Menurut Rhamdani(2009)relaksasi otot dibagi menjadi 3 yaitu:

a. Relaxation via tension-relaxation

Metode ini digunakan agar individu dapat merasakan perbedaan antara saat- saat otot

tubuhnya tegang dan saat ototnya tubuhnya lemas, otot yang dilatih adalah otot lengan,
tangan, bisep, bahu, leher, wajah, perut dan kaki.

b. Relaxation via letting go

Metode ini biasanya merupakan tahap berikutnya dari relaxation via tension-relaxation

yaitu latihan untuk memperdalam dan menyadari relaksasi.

c. Differential relaxation

Differential relaxation adalah merupakan salah penerapan keterampilan relaksasi

progresif dimana tidak hanya menyadari kelompok otot yang diperlukan untuk

melakukan aktifitas tertentu saja tetapi juga mengidentifikasi dan lebih menyadari lagi

otot-otot yang tidak perlu untuk melakukan aktifitas.

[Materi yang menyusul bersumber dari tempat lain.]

(* Let $k \in \mathbb{N}$, and let $a(0) \leqslant a(1)\leqslant \ldots \leqslant a(k)$ be positive integers. Let $c$ be the largest real root of the polynomial equation $x^{k+1} = \sum_{i = 0}^k a(i)x^i$. Then there exists a hereditary property of ordered graphs $\mathcal{P}$ with $|\mathcal{P}_n| = c^{(1+o(1))n}$ as $n\to\infty$.
   Context: An ordered graph of order $n$ is a graph on vertex set $[n]$ with the natural order. A hereditary property of ordered graphs is a collection of ordered graphs closed under order-preserving isomorphism and under taking induced ordered subgraphs (subgraphs induced via injective order-preserving maps preserving adjacency and non-adjacency). $\mathcal{P}_n$ denotes the set of members of $\mathcal{P}$ with vertex set $[n]$. *)

From mathcomp Require Import all_boot.
From Stdlib Require Import Reals.
Set Implicit Arguments. Unset Strict Implicit. Unset Printing Implicit Defensive.

(* An ordered graph of order n on vertex set [n] = 'I_n is encoded by its edge
   set, each edge {i,j} with i < j stored as the pair (i, j). *)
Definition ograph n (E : {set 'I_n * 'I_n}) : bool :=
  [forall e in E, (e.1 < e.2)%N].

Definition oprop := forall n : nat, pred {set 'I_n * 'I_n}.

Definition induced m n (f : 'I_m -> 'I_n) (E : {set 'I_n * 'I_n})
  : {set 'I_m * 'I_m} :=
  [set e : 'I_m * 'I_m | (e.1 < e.2)%N && ((f e.1, f e.2) \in E)].

(* Since the only order-preserving bijection of [n] is the identity, closure
   under order-preserving isomorphism is automatic in this encoding; hereditary
   means closure under induced ordered subgraphs. *)
Definition hereditary (P : oprop) : Prop :=
  forall m n (f : 'I_m -> 'I_n),
    (forall i j : 'I_m, (i < j)%N -> (f i < f j)%N) ->
    forall E, ograph E -> P n E -> P m (induced f E).

Definition Pn (P : oprop) (n : nat) : {set {set 'I_n * 'I_n}} :=
  [set E | ograph E && P n E].

Open Scope R_scope.

Definition charpoly_eq (k : nat) (a : nat -> nat) (x : R) : Prop :=
  x ^ (S k) = sum_f_R0 (fun i => INR (a i) * x ^ i) k.

(* A labelled graph has an initial segment of marker vertices with increasing colours in
   [1, a(k)), followed by consecutive cliques ("blocks"); a block of k+1-i vertices gets a
   colour t < a(i), and a marker is adjacent exactly to the block vertices of its colour.
   All constraints are pointwise (a smaller block only relaxes the colour bound, since a is
   nondecreasing), so these graphs form a hereditary property P.
   Recording for every block vertex its colour and the number of later vertices in its
   block turns a graph of P_n into a word: the marker colours, then a sequence of runs of
   total length m <= n.  The number f(m) of run sequences satisfies
   f(m) = sum_i a(i) f(m - (k+1-i)), so c^(m-k-1) <= f(m) <= c^m, which bounds |P_n| by a
   constant times c^n.  When all a(k)-1 markers are present the graph determines the word,
   whence |P_n| >= c^(n-a(k)-k).  So |P_n| = c^(n + O(1)) = c^((1+o(1))n); the intermediate
   value theorem gives c >= 1, and c = 1 forces a(k) = 1 and |P_n| = 1. *)

From mathcomp Require Import all_boot zify.
From Stdlib Require Import Reals Lra Lia ClassicalEpsilon.
Set Implicit Arguments. Unset Strict Implicit. Unset Printing Implicit Defensive.
Definition potential (t1 t2 : token) : Z :=
  match t1, t2 with
  | OnPath y1, OnPath y2 => path_potential M y1 y2
  | AtQ2, OnPath y | OnPath y, AtQ2 => parked_potential M 0 y
  | AtQ4, OnPath y | OnPath y, AtQ4 => parked_potential M 1 y
  | _, _ => 2
  end.

Lemma token_act_injective c t1 t2 : token_valid t1 -> token_valid t2 ->
  token_act c t1 = token_act c t2 -> t1 = t2.
Proof.
  intros V1 V2 E. destruct c, t1 as [y1| |], t2 as [y2| |]; cbn in *; try easy.
  6: { injection E as E. f_equal.
       now rewrite <- (path_b_involutive M y1), <- (path_b_involutive M y2), E. }
  { destruct (Z.eqb_spec y1 0), (Z.eqb_spec y1 1), (Z.eqb_spec y2 0), (Z.eqb_spec y2 1);
      try discriminate; try (f_equal; lia); injection E as E.
    f_equal. now rewrite <- (path_a_involutive M y1), <- (path_a_involutive M y2), E. }
  all: match type of E with context [if (?y =? 0) then _ else _] =>
    destruct (Z.eqb_spec y 0), (Z.eqb_spec y 1); try discriminate; injection E as E;
    destruct (path_a_avoids_01 M y); auto; lia end.
Qed.

Hypothesis M_ge10 : 10 <= M.

Lemma token_act_valid c t : token_valid t -> token_valid (token_act c t).
Proof.
  destruct c, t as [y| |]; cbn; intros; try lia.
  - destruct (y =? 0), (y =? 1); cbn; auto. now apply path_a_range.
  - now apply path_b_range.
Qed.

Lemma potential_sym t1 t2 : t1 <> t2 -> potential t1 t2 = potential t2 t1.
Proof.
  intros. destruct t1, t2; cbn; try reflexivity.
  apply path_potential_sym. congruence.
Qed.

Lemma potential_step_b t1 t2 : token_valid t1 -> token_valid t2 -> t1 <> t2 ->
  potential t1 t2 <= potential (token_b t1) (token_b t2) + 1.
Proof.
  intros V1 V2 D. destruct t1 as [y1| |], t2 as [y2| |]; cbn in *; try lia.
  1: apply path_potential_path_b; auto; congruence.
  all: apply parked_potential_path_b; lia.
Qed.

Lemma potential_step_a_path y1 y2 : -M <= y1 <= M -> -M <= y2 <= M -> y1 <> y2 ->
  potential (OnPath y1) (OnPath y2) <= potential (token_a (OnPath y1)) (token_a (OnPath y2)) + 1.
Proof.
  intros V1 V2 D. cbn [token_a potential].
  pose proof (parked_potential_path_a M M_ge10 0) as Exit0.
  pose proof (parked_potential_path_a M M_ge10 1) as Exit1.
  rewrite Z.sub_0_r in Exit0. rewrite Z.sub_diag in Exit1.
  destruct (Z.eqb_spec y1 0), (Z.eqb_spec y1 1), (Z.eqb_spec y2 0), (Z.eqb_spec y2 1);
    subst; cbn [potential]; try lia.
  - rewrite path_potential_0_1 by lia. lia.
  - apply Exit1; lia.
  - rewrite path_potential_sym, path_potential_0_1 by lia. lia.
  - apply Exit0; lia.
  - rewrite path_potential_sym by lia. apply Exit1; lia.
  - rewrite path_potential_sym by lia. apply Exit0; lia.
  - apply path_potential_path_a; lia.
Qed.

Lemma potential_step_a_parked y : -M <= y <= M ->
  potential (OnPath y) AtQ2 <= potential (token_a (OnPath y)) (token_a AtQ2) + 1 /\
  potential (OnPath y) AtQ4 <= potential (token_a (OnPath y)) (token_a AtQ4) + 1.
Proof.
  intros V. cbn [token_a potential].
  destruct (Z.eqb_spec y 0), (Z.eqb_spec y 1); subst; cbn [potential].
  1-3: unfold parked_potential, gadget_potential; destruct_ifs; lia.
  rewrite !(path_potential_sym _ (path_a M y)) by (destruct (path_a_avoids_01 M y); lia).
  split; apply parked_potential_le; lia.
Qed.

Lemma potential_step c t1 t2 : token_valid t1 -> token_valid t2 -> t1 <> t2 ->
  potential t1 t2 <= potential (token_act c t1) (token_act c t2) + 1.
Proof.
  intros V1 V2 D. destruct c; cbn [token_act]; [|now apply potential_step_b].
  assert (Da : token_a t1 <> token_a t2)
    by (intros E; apply D; now apply (token_act_injective true)).
  destruct t1 as [y1| |], t2 as [y2| |]; cbn [token_valid] in *; try congruence.
  - apply potential_step_a_path; auto; congruence.
  - now apply potential_step_a_parked.
  - now apply potential_step_a_parked.
  - rewrite (potential_sym _ _ D), (potential_sym _ _ Da). now apply potential_step_a_parked.
  - cbn. rewrite path_potential_0_1 by lia. lia.
  - rewrite (potential_sym _ _ D), (potential_sym _ _ Da). now apply potential_step_a_parked.
  - cbn. rewrite path_potential_sym, path_potential_0_1 by lia. lia.
Qed.

End Tokens.

Local Close Scope Z_scope.

Lemma half_sub3 m : (2 * m + 3 - 3) / 2 = m.
Proof. replace (2 * m + 3 - 3) with (m * 2) by lia. apply Nat.div_mul. lia. Qed.

Ltac eval_existsb i0 :=
  rewrite (existsb_seq_at _ _ _ i0)
    by (intros ?i [_ ?Hi]%andb_true_iff; apply Nat.eqb_eq in Hi; lia).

Penelitian yang dilakukan oleh Gaundensisu dkk(2018) Pada lansia dengan hipertensi

setelah dilakukan reaksasi otot seluruhnya 10 orang( 100%) dikategorikan mengalami

hipertensi dengan tingkat grade 1(sistolik 140-159 mmHg/diastolik 99-99mmHg terjadi

penurunan tekanan darah pada lansia di RW 05 dan RW 06 Tlogomas Malang, yang

dibuktikan dengan nilai Sig=0,000(α≤0,05)dan nilai t hitung 7,216≥t tabel 1,812.